The clay spirit froze mid-strike.
Cracks spread across its body.
Then it collapsed back into dirt.
Silence fell like a held breath.
Harry opened his eyes.
The Babaláwo was staring at him now with something new in his gaze.
Respect.
“You listened,” the old man said quietly.
Harry’s voice trembled. “I didn’t cast a spell.”
“No,” the Babaláwo replied. “You asked permission.”
He stepped closer, retrieving Harry’s wand from the ground. He turned it over in his hands, studying it like a relic.
“This thing,” he said, “is a tongue that only speaks one language.”
He handed it back.
“If you wish to survive here,” he continued, “you must learn to be silent.”

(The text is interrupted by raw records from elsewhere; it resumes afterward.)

Lemma ctlscd_eventually_constant_countdown {AP} (f : sform AP) :
  exists N, forall n, N <= n ->
    (models (reroot (countdown AP) (Some n)) f <->
     models (reroot (countdown AP) (Some N)) f).
Proof.
  destruct (eventually_stable_const _ (proj1 (countdown_eventually_stable AP) f))
    as [N HN].
  exists N; intros n Hn. rewrite !models_reroot. now apply HN.
Qed.

Theorem mainTheorem6 (AP : Type) (AP_finite : exists l : list AP, forall a, In a l)
  (p : AP) :
  (exists phi : sform AP, forall chi : sform AP, is_ctls_s chi ->
      ~ (forall K : Kripke AP, models K phi <-> models K chi))
  /\
  (exists phi : sform AP, forall chi : mu AP,
      ~ (forall K : Kripke AP, models K phi <-> mu_models K chi))
  /\
  (exists chi : mu AP, forall phi : sform AP,
      ~ (forall K : Kripke AP, mu_models K chi <-> models K phi)).
Proof.
  split; [|split].
  - exists (SEc (PState (SAtom p))). intros chi Hchi Heq.
    apply (ray_not_models_Ec p), Heq.
    apply (proj1 (ctls_invariant_morphism AP (loop AP) (ray AP) ray_to_loop
             ray_to_loop_label ray_to_loop_forth ray_to_loop_lift) chi Hchi (wI (ray AP))).
    apply Heq, loop_models_Ec.
  - exists (SEc (PState (SAtom p))). intros chi Heq.
    apply (ray_not_models_Ec p), Heq.
    apply (msem_invariant_morphism AP (loop AP) (ray AP) ray_to_loop ray_to_loop_label
             ray_to_loop_forth ray_to_loop_back chi (fun _ _ => False) (fun _ _ => False));
      [tauto|].
    apply Heq, loop_models_Ec.
  - exists (nu_even p). intros f Heq.
    destruct (ctlscd_eventually_constant_countdown f) as [N HN].
    apply (nu_even_even p N), Heq, (HN (2 * N)); [lia|].
    apply (HN (2 * N + 1)); [lia|]. apply Heq, nu_even_odd.
Qed.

The villagers murmured. Fear shifted into reverence.
Harry looked around at the forest, the people, the night sky untouched by modern light.
“How long am I here?” he asked.
The Babaláwo smiled sadly.
“Long enough to forget who you were,” he said.
Then he turned and began walking toward the forest.

“Come,” he added. “Ifá has been waiting for you.”
Harry hesitated only a moment before following.
Above them, unseen by all but the gods, time folded quietly.
And somewhere beyond worlds, Oblivion turned its head
Sensing that something meant to end had begun to learn how to endure.